Liberal Udik, Jangan Ajari Kami soal Toleransi

Liberal Udik, Jangan Ajari Kami soal Toleransi

Gelora News
facebook twitter whatsapp



Penulis: Geisz Chalifah (Aktivis Sosial)

Saya lahir di Jakarta dan besar di Jakarta, bertempat tinggal di Letjen Suprapto No 1, Poncol Senen Jakarta Pusat. Penting bagi saya memberikan alamat tinggal saya itu untuk menunjukkan bahwa daerah saya tinggal itu tetangga saya mayoritasnya Tionghoa.

Rumah-rumah di seputar jalan itu adalah rumah yang di depannya itu menjadi toko untuk usaha. Di sebelah rumah saya adalah toko Banciang, di sebelahnya lagi toko beras Yuntat, di sebelahnya lagi toko alumunium. Di seberang rumah itu, ada Toko Juni, Toko Juli, Toko Murah, ada pula foto studio Wiwi. Semua yang disitu menjadikan tempat tinggal sekaligus tempat usaha.

Semasa kecil sampai remaja saya bertetangga dan bermain bersama mereka para teman-teman Tionghoa yang tinggal di situ. Toko beras Yuntat, anak-anak mereka bernama Alyuk dan Baong. Dua nama itu yang sepantaran dengan saya dan kakak mereka yang jauh lebih dewasa bergaul dgn kakak-kakak saya.

Dulu sekali sebelum ada grosir Cipinang, Toko Beras Yuntat adalah salah satu agen beras terbesar di Jakarta. Toko Juni adalah penjual kaca, anak-anaknya bernama Ace, Afa dan Apin. Toko Juli, anaknya itu bernama Alut. Ada juga pemilik restoran Bak’mi anaknya bernama: Tekming.

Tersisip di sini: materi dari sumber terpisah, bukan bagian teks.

(* Let $k\ge2$, $\eta\in[0,1)$ and $c>0$. The equation $(1-\zeta)\,x_k^\ast(c,\zeta)^k\,c^{-k}=\eta$ has a unique solution $\zeta\in[0,1]$. Moreover, if $c<\overline c_k(\eta)$ then this solution satisfies $(k-1)\zeta c^{k-1}<e$.
   Context: $W$ is the Lambert $W$ function; $x_k^\ast(c,\zeta)=\left(\frac{W((k-1)c^{k-1}\zeta)}{(k-1)\zeta}\right)^{\frac1{k-1}}$ for $\zeta\in(0,1]$ and $x_k^\ast(c,0)=c$. $\eta_k^\ast=e^{-k/(k-1)}$; $\overline c_k(\eta)=\left(\frac{e}{(k-1)(1-\eta/\eta_k^\ast)}\right)^{\frac1{k-1}}$ if $\eta<\eta_k^\ast$ and $+\infty$ otherwise. *)

From Stdlib Require Import Reals ClassicalEpsilon.
From Coquelicot Require Import Rbar.
Open Scope R_scope.

(* Principal branch of the Lambert W function on [0, +oo):
   W x is the unique w >= 0 with w * exp w = x (for x >= 0). Only
   nonnegative arguments are used below. *)
Definition LambertW (x : R) : R :=
  epsilon (inhabits 0%R) (fun w => 0 <= w /\ w * exp w = x).

Definition xstar (k : nat) (c zeta : R) : R :=
  if Req_EM_T zeta 0 then c
  else Rpower (LambertW (INR (k - 1) * c ^ (k - 1) * zeta) / (INR (k - 1) * zeta))
              (/ INR (k - 1)).

Definition etastar (k : nat) : R := exp (- (INR k / INR (k - 1))).

Definition cbar (k : nat) (eta : R) : Rbar :=
  if Rlt_dec eta (etastar k) then
    Finite (Rpower (exp 1 / (INR (k - 1) * (1 - eta / etastar k))) (/ INR (k - 1)))
  else p_infty.

(* Write n = k - 1, M = n c^n and w = W(M zeta). Then xstar k c zeta = c e^(-w/n),
   so the left-hand side of the equation is
     R(w) = (1 - w e^w / M) e^(-k w / n),
   and zeta = w e^w / M identifies [0, 1] with [0, W(M)]. On that interval R
   decreases strictly from 1 to 0, which gives existence and uniqueness.
   Finally (k-1) zeta c^(k-1) = w e^w, which is < e exactly when w < 1. If w >= 1
   then R(w) <= (1 - zeta) etastar k, which is impossible when eta >= etastar k;
   when eta < etastar k, the bound c < cbar k eta means M (1 - eta / etastar k) < e,
   which forces zeta > 1 - eta / etastar k and again R(w) < eta. *)

From Stdlib Require Import Reals Lra Lia ClassicalEpsilon.
From Coquelicot Require Import Rbar.
Open Scope R_scope.

Lemma exp_pow (x : R) (n : nat) : exp x ^ n = exp (INR n * x).
Proof.
  induction n as [|n IH].
  - simpl. rewrite Rmult_0_l, exp_0. reflexivity.
  - rewrite <- tech_pow_Rmult, IH, <- exp_plus, S_INR. f_equal. ring.
Qed.

Lemma mul_exp_lt (a b : R) : 0 <= a -> a < b -> a * exp a < b * exp b.
Proof.
  intros Ha Hab.
  pose proof (exp_increasing _ _ Hab). pose proof (exp_pos a).
  nra.
Qed.

Lemma mul_exp_le (a b : R) : 0 <= a -> a <= b -> a * exp a <= b * exp b.
Proof.
  intros Ha [Hab | <-]; [left; apply mul_exp_lt|]; lra.
Qed.

Lemma mul_exp_nonneg (w : R) : 0 <= w -> 0 <= w * exp w.
Proof. intros Hw. pose proof (exp_pos w). nra. Qed.

Lemma LambertW_spec (a : R) :
  0 <= a -> 0 <= LambertW a /\ LambertW a * exp (LambertW a) = a.
Proof.
  intros Ha. unfold LambertW. apply epsilon_spec.
  destruct (IVT_cor (fun w => w * exp w - a) 0 a) as [w [[Hw0 _] Hw]].
  - reg.
  - exact Ha.
  - pose proof (exp_ineq1_le a). pose proof (exp_pos a). nra.
  - exists w. simpl in Hw. split; lra.
Qed.

Lemma LambertW_mul_exp (w : R) : 0 <= w -> LambertW (w * exp w) = w.
Proof.
  intros Hw.
  destruct (LambertW_spec _ (mul_exp_nonneg w Hw)) as [H0 Heq].
  destruct (Rtotal_order (LambertW (w * exp w)) w) as [Hlt | [-> | Hlt]].
  - pose proof (mul_exp_lt _ _ H0 Hlt). lra.
  - reflexivity.
  - pose proof (mul_exp_lt _ _ Hw Hlt). lra.
Qed.

Section Residual.

Variables (n : nat) (c : R).
Hypothesis hn : (1 <= n)%nat.
Hypothesis hc : 0 < c.

Definition scale : R := INR n * c ^ n.

(* The left-hand side of the equation, as a function of w = W(scale * zeta). *)
Definition residual (w : R) : R :=
  (1 - w * exp w / scale) * exp (- (INR (S n) / INR n * w)).

Lemma INR_n_pos : 0 < INR n.
Proof. apply lt_0_INR. lia. Qed.

Lemma exponent_pos : 0 < INR (S n) / INR n.
Proof. apply Rdiv_lt_0_compat; [apply lt_0_INR; lia | exact INR_n_pos]. Qed.

Lemma scale_pos : 0 < scale.
Proof.
  unfold scale. pose proof INR_n_pos. pose proof (pow_lt c n hc). nra.
Qed.

Lemma div_scale_le_1 (x : R) : x <= scale -> x / scale <= 1.
Proof.
  intros Hx. pose proof scale_pos.
  apply Rmult_le_reg_r with scale; [lra|].
  unfold Rdiv. rewrite Rmult_assoc, Rinv_l; lra.
Qed.

Lemma residual_continuous : continuity residual.
Proof. unfold residual. reg. Qed.

Lemma residual_0 : residual 0 = 1.
Proof.
  pose proof scale_pos. unfold residual.
  rewrite Rmult_0_r, Ropp_0, exp_0. field. lra.
Qed.

Lemma residual_scale : residual (LambertW scale) = 0.
Proof.
  pose proof scale_pos.
  destruct (LambertW_spec scale) as [_ HW]; [lra|].
  unfold residual. rewrite HW. unfold Rdiv at 1. rewrite Rinv_r by lra. ring.
Qed.

Lemma residual_decreasing (a b : R) :
  0 <= a -> a < b -> b * exp b <= scale -> residual b < residual a.
Proof.
  intros Ha Hab Hb. pose proof scale_pos. unfold residual.
  set (r := INR (S n) / INR n).
  assert (Hr : 0 < r) by exact exponent_pos.
  assert (Hexp : exp (- (r * b)) < exp (- (r * a))) by (apply exp_increasing; nra).
  pose proof (exp_pos (- (r * b))).
  assert (Hfactor : 0 <= 1 - b * exp b / scale < 1 - a * exp a / scale).
  { pose proof (div_scale_le_1 _ Hb).
    assert (a * exp a / scale < b * exp b / scale).
    { apply Rmult_lt_compat_r; [apply Rinv_0_lt_compat; lra | now apply mul_exp_lt]. }
    lra. }
  nra.
Qed.

Lemma residual_inj (a b : R) :
  0 <= a -> 0 <= b -> a * exp a <= scale -> b * exp b <= scale ->
  residual a = residual b -> a = b.
Proof.
  intros Ha Hb Ha' Hb' Heq.
  destruct (Rtotal_order a b) as [Hlt | [Hab | Hlt]]; [| exact Hab |].
  - pose proof (residual_decreasing _ _ Ha Hlt Hb'). lra.
  - pose proof (residual_decreasing _ _ Hb Hlt Ha'). lra.
Qed.

Lemma residual_root_exists (eta : R) :
  0 <= eta < 1 ->
  exists w, 0 < w /\ w * exp w <= scale /\ residual w = eta.
Proof.
  intros Heta. pose proof scale_pos.
  destruct (LambertW_spec scale) as [HW0 HW]; [lra|].
  destruct (IVT_cor (fun w => residual w - eta) 0 (LambertW scale))
    as [w [[Hw0 HwW] Hw]].
  - apply continuity_minus; [exact residual_continuous | apply continuity_const; now intros ? ?].
  - exact HW0.
  - rewrite residual_0, residual_scale. nra.
  - simpl in Hw. exists w. repeat split.
    + destruct Hw0 as [|<-]; [assumption|]. rewrite residual_0 in Hw. lra.
    + rewrite <- HW. now apply mul_exp_le.
    + lra.
Qed.

Lemma xstar_LambertW (zeta : R) :
  0 < zeta ->
  xstar (S n) c zeta = exp (- LambertW (scale * zeta) / INR n) * c.
Proof.
  intros Hz. pose proof INR_n_pos. pose proof scale_pos. pose proof (pow_lt c n hc).
  destruct (LambertW_spec (scale * zeta)) as [Hw0 Hw]; [nra|].
  set (w := LambertW (scale * zeta)) in *.
  assert (Hwpos : 0 < w).
  { destruct Hw0 as [|Hw0]; [assumption|]. rewrite <- Hw0 in Hw. nra. }
  unfold xstar. destruct (Req_EM_T zeta 0) as [|_]; [lra|].
  replace (S n - 1)%nat with n by lia.
  replace (INR n * c ^ n * zeta) with (scale * zeta) by (unfold scale; ring).
  fold w.
  (* w e^w = n c^n zeta turns the base of the power into e^(-w) c^n. *)
  assert (Hbase : w / (INR n * zeta) = exp (- w) * c ^ n).
  { rewrite exp_Ropp. pose proof (exp_pos w).
    apply Rmult_eq_reg_r with (INR n * zeta * exp w); [| apply Rgt_not_eq; apply Rmult_lt_0_compat; nra].
    field_simplify; [| lra | lra].
    rewrite Hw. unfold scale. field. }
  rewrite Hbase. unfold Rpower.
  rewrite ln_mult, ln_exp, ln_pow by (try apply exp_pos; assumption).
  replace (/ INR n * (- w + INR n * ln c)) with (- w / INR n + ln c) by (field; lra).
  rewrite exp_plus, exp_ln by assumption. reflexivity.
Qed.

Lemma equation_residual (zeta : R) :
  0 < zeta ->
  (1 - zeta) * xstar (S n) c zeta ^ S n / c ^ S n = residual (LambertW (scale * zeta)).
Proof.
  intros Hz. pose proof INR_n_pos. pose proof scale_pos. pose proof (pow_lt c (S n) hc).
  destruct (LambertW_spec (scale * zeta)) as [_ Hw]; [nra|].
  rewrite xstar_LambertW by assumption.
  set (w := LambertW (scale * zeta)) in *.
  rewrite Rpow_mult_distr, exp_pow. unfold residual. rewrite Hw.
  replace (INR (S n) * (- w / INR n)) with (- (INR (S n) / INR n * w)) by (field; lra).
  field. split; lra.
Qed.

Lemma equation_0 : (1 - 0) * xstar (S n) c 0 ^ S n / c ^ S n = 1.
Proof.
  unfold xstar. destruct (Req_EM_T 0 0) as [_|]; [|lra].
  pose proof (pow_lt c (S n) hc). field. lra.
Qed.

Lemma equation_solution_pos (eta zeta : R) :
  eta < 1 -> 0 <= zeta ->
  (1 - zeta) * xstar (S n) c zeta ^ S n / c ^ S n = eta -> 0 < zeta.
Proof.
  intros Heta [Hz | <-] Heq; [assumption|]. rewrite equation_0 in Heq. lra.
Qed.

Lemma scale_lt_of_lt_cbar (eta : R) :
  0 <= eta < etastar (S n) -> Rbar_lt (Finite c) (cbar (S n) eta) ->
  scale * (1 - eta / etastar (S n)) < exp 1.
Proof.
  intros Heta Hc. pose proof INR_n_pos.
  assert (Hes : 0 < etastar (S n)) by apply exp_pos.
  assert (Hq : 0 < 1 - eta / etastar (S n)).
  { enough (eta / etastar (S n) < 1) by lra.
    apply Rmult_lt_reg_r with (etastar (S n)); [lra|]. field_simplify; lra. }
  unfold cbar in Hc. destruct (Rlt_dec eta (etastar (S n))) as [_|]; [|lra].
  simpl in Hc. replace (n - 0)%nat with n in Hc by lia.
  set (A := exp 1 / (INR n * (1 - eta / etastar (S n)))) in Hc.
  assert (HA : 0 < A) by (apply Rdiv_lt_0_compat; [apply exp_pos | nra]).
  assert (Hcn : c ^ n < A).
  { rewrite <- Rpower_pow by exact hc.
    rewrite <- (Rpower_1 A HA), <- (Rinv_l (INR n)), <- Rpower_mult by lra.
    apply Rlt_Rpower_l; [exact INR_n_pos|].
    split; [exact hc | exact Hc]. }
  unfold scale, A in *.
  apply Rmult_lt_compat_l with (r := INR n * (1 - eta / etastar (S n))) in Hcn; [| nra].
  replace (INR n * (1 - eta / etastar (S n)) * (exp 1 / (INR n * (1 - eta / etastar (S n)))))
    with (exp 1) in Hcn by (field; lra).
  lra.
Qed.

Lemma residual_ge_1 (w zeta : R) :
  1 <= w -> w * exp w = scale * zeta -> zeta <= 1 ->
  residual w <= (1 - zeta) * etastar (S n).
Proof.
  intros Hw Hwz Hz. pose proof INR_n_pos. pose proof scale_pos.
  unfold residual. rewrite Hwz.
  replace (1 - scale * zeta / scale) with (1 - zeta) by (field; lra).
  apply Rmult_le_compat_l; [lra|].
  unfold etastar. replace (S n - 1)%nat with n by lia.
  destruct Hw as [Hw | <-]; [left; apply exp_increasing | right; f_equal; ring].
  pose proof exponent_pos. nra.
Qed.

Lemma solution_LambertW_lt_1 (eta zeta : R) :
  0 <= eta -> 0 < zeta <= 1 -> Rbar_lt (Finite c) (cbar (S n) eta) ->
  residual (LambertW (scale * zeta)) = eta -> LambertW (scale * zeta) < 1.
Proof.
  intros Heta Hz Hc Hres. pose proof scale_pos.
  destruct (LambertW_spec (scale * zeta)) as [_ Hw]; [nra|].
  set (w := LambertW (scale * zeta)) in *.
  apply Rnot_le_lt. intros Hw1.
  pose proof (residual_ge_1 _ _ Hw1 Hw (proj2 Hz)) as Hbound.
  assert (Hes : 0 < etastar (S n)) by apply exp_pos.
  destruct (Rlt_le_dec eta (etastar (S n))) as [Hlt | Hge].
  - pose proof (scale_lt_of_lt_cbar eta (conj Heta Hlt) Hc) as HM.
    pose proof (mul_exp_le 1 w ltac:(lra) Hw1) as He. rewrite Rmult_1_l in He.
    assert (Hz' : 1 - eta / etastar (S n) < zeta) by (apply Rmult_lt_reg_l with scale; lra).
    assert (Hquot : eta = eta / etastar (S n) * etastar (S n)) by (field; lra).
    nra.
  - nra.
Qed.

End Residual.

Theorem mainTheorem14 (k : nat) (eta c : R)
  (hk : (2 <= k)%nat) (heta0 : 0 <= eta) (heta1 : eta < 1) (hc : 0 < c) :
  (exists! zeta : R, 0 <= zeta <= 1 /\
     (1 - zeta) * xstar k c zeta ^ k / c ^ k = eta) /\
  (Rbar_lt (Finite c) (cbar k eta) ->
   forall zeta : R, 0 <= zeta <= 1 ->
     (1 - zeta) * xstar k c zeta ^ k / c ^ k = eta ->
     INR (k - 1) * zeta * c ^ (k - 1) < exp 1).
Proof.
  destruct k as [|n]; [lia|]. assert (hn : (1 <= n)%nat) by lia.
  replace (S n - 1)%nat with n by lia.
  pose proof (scale_pos n c hn hc) as HM.
  split.
  - destruct (residual_root_exists n c hn hc eta (conj heta0 heta1)) as [w [Hw [HwM Hres]]].
    assert (Hz0 : 0 < w * exp w / scale n c) by (pose proof (exp_pos w); apply Rdiv_lt_0_compat; nra).
    exists (w * exp w / scale n c). split.
    + split; [split; [lra | now apply div_scale_le_1] |].
      rewrite equation_residual by assumption.
      replace (scale n c * (w * exp w / scale n c)) with (w * exp w) by (field; lra).
      rewrite LambertW_mul_exp by lra. exact Hres.
    + intros zeta [Hz Heq].
      pose proof (equation_solution_pos n c hc eta zeta heta1 (proj1 Hz) Heq) as Hzpos.
      rewrite equation_residual in Heq by assumption.
      destruct (LambertW_spec (scale n c * zeta)) as [Hw' Hw'e]; [nra|].
      assert (Hsame : w = LambertW (scale n c * zeta)).
      { apply (residual_inj n c hn hc); [lra | assumption | assumption | nra | congruence]. }
      rewrite <- Hsame in Hw'e. rewrite Hw'e. field. lra.
  - intros Hc zeta Hz Heq.
    pose proof (equation_solution_pos n c hc eta zeta heta1 (proj1 Hz) Heq) as Hzpos.
    rewrite equation_residual in Heq by assumption.
    pose proof (solution_LambertW_lt_1 n c hn hc eta zeta heta0 (conj Hzpos (proj2 Hz)) Hc Heq) as Hw1.
    destruct (LambertW_spec (scale n c * zeta)) as [Hw0 Hw]; [nra|].
    replace (INR n * zeta * c ^ n) with (scale n c * zeta) by (unfold scale; ring).
    rewrite <- Hw. rewrite <- (Rmult_1_l (exp 1)). now apply mul_exp_lt.
Qed.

Tekming pandai mengebut dengan sepeda, menggenjot sepeda dengan kecepatan lalu menyalip mobil maupun motor di tengah kemacetan. Tak jarang diteriaki pengendara mobil yang kesal karena kenekatannya.

Ada pula Verawati Fajrin atlet nasional bulu tangkis dia tinggal diseberang rumah ibu saya. Bila pagi kami sering bersama – sama menunggu bus kesekolah jurusan terminal lapangan banteng dari lapangan banteng kami berjalan menuju Budi Utomo. Verawati Fajrin bersekolah di SMA 1 Boedoet dan saya di SMP 2 Boedoet.

Semasa kecil kami bermain burung bersama dari masing-masing atap loteng rumah yang bersebelahan.

Menjelang remaja bila malam hari maka di rumah Ace (Toko Juni) kami kumpul bareng. Tak jarang pula mereka berkumpul di rumah saya.

Dengan sepeda motor beramai-ramai tempat yang seringkali kami kunjungi adalah Lokasari atau dikenal pula bernama Prinsen Park.

Bila malam minggu, sepanjang jalan Gajah Mada dan Hayam Wuruk adalah tempat lintasan kami menguji kecepatan motor dan uji nyali di jalan itu.Tempat mangkal paling pavorit adalah tukang roti bakar di Jalan Hayam Wuruk yang letaknya tak berjauhan dari Masjid Kebon Jeruk.

Minggu sore maka tempat mengadu nyali dan kecepatan adalah di depan TVRI Senayan. Kami berlomba bermain Ice Skating digedung yang khusus dibuat untuk olah raga Ice Skates.

Kami tak mengenal istilah toleransi tak mengenal pluralisme, tak mengenal istilah mayoritas minoritas atau apapun yang bersifat mendikotomi hubungan sosial.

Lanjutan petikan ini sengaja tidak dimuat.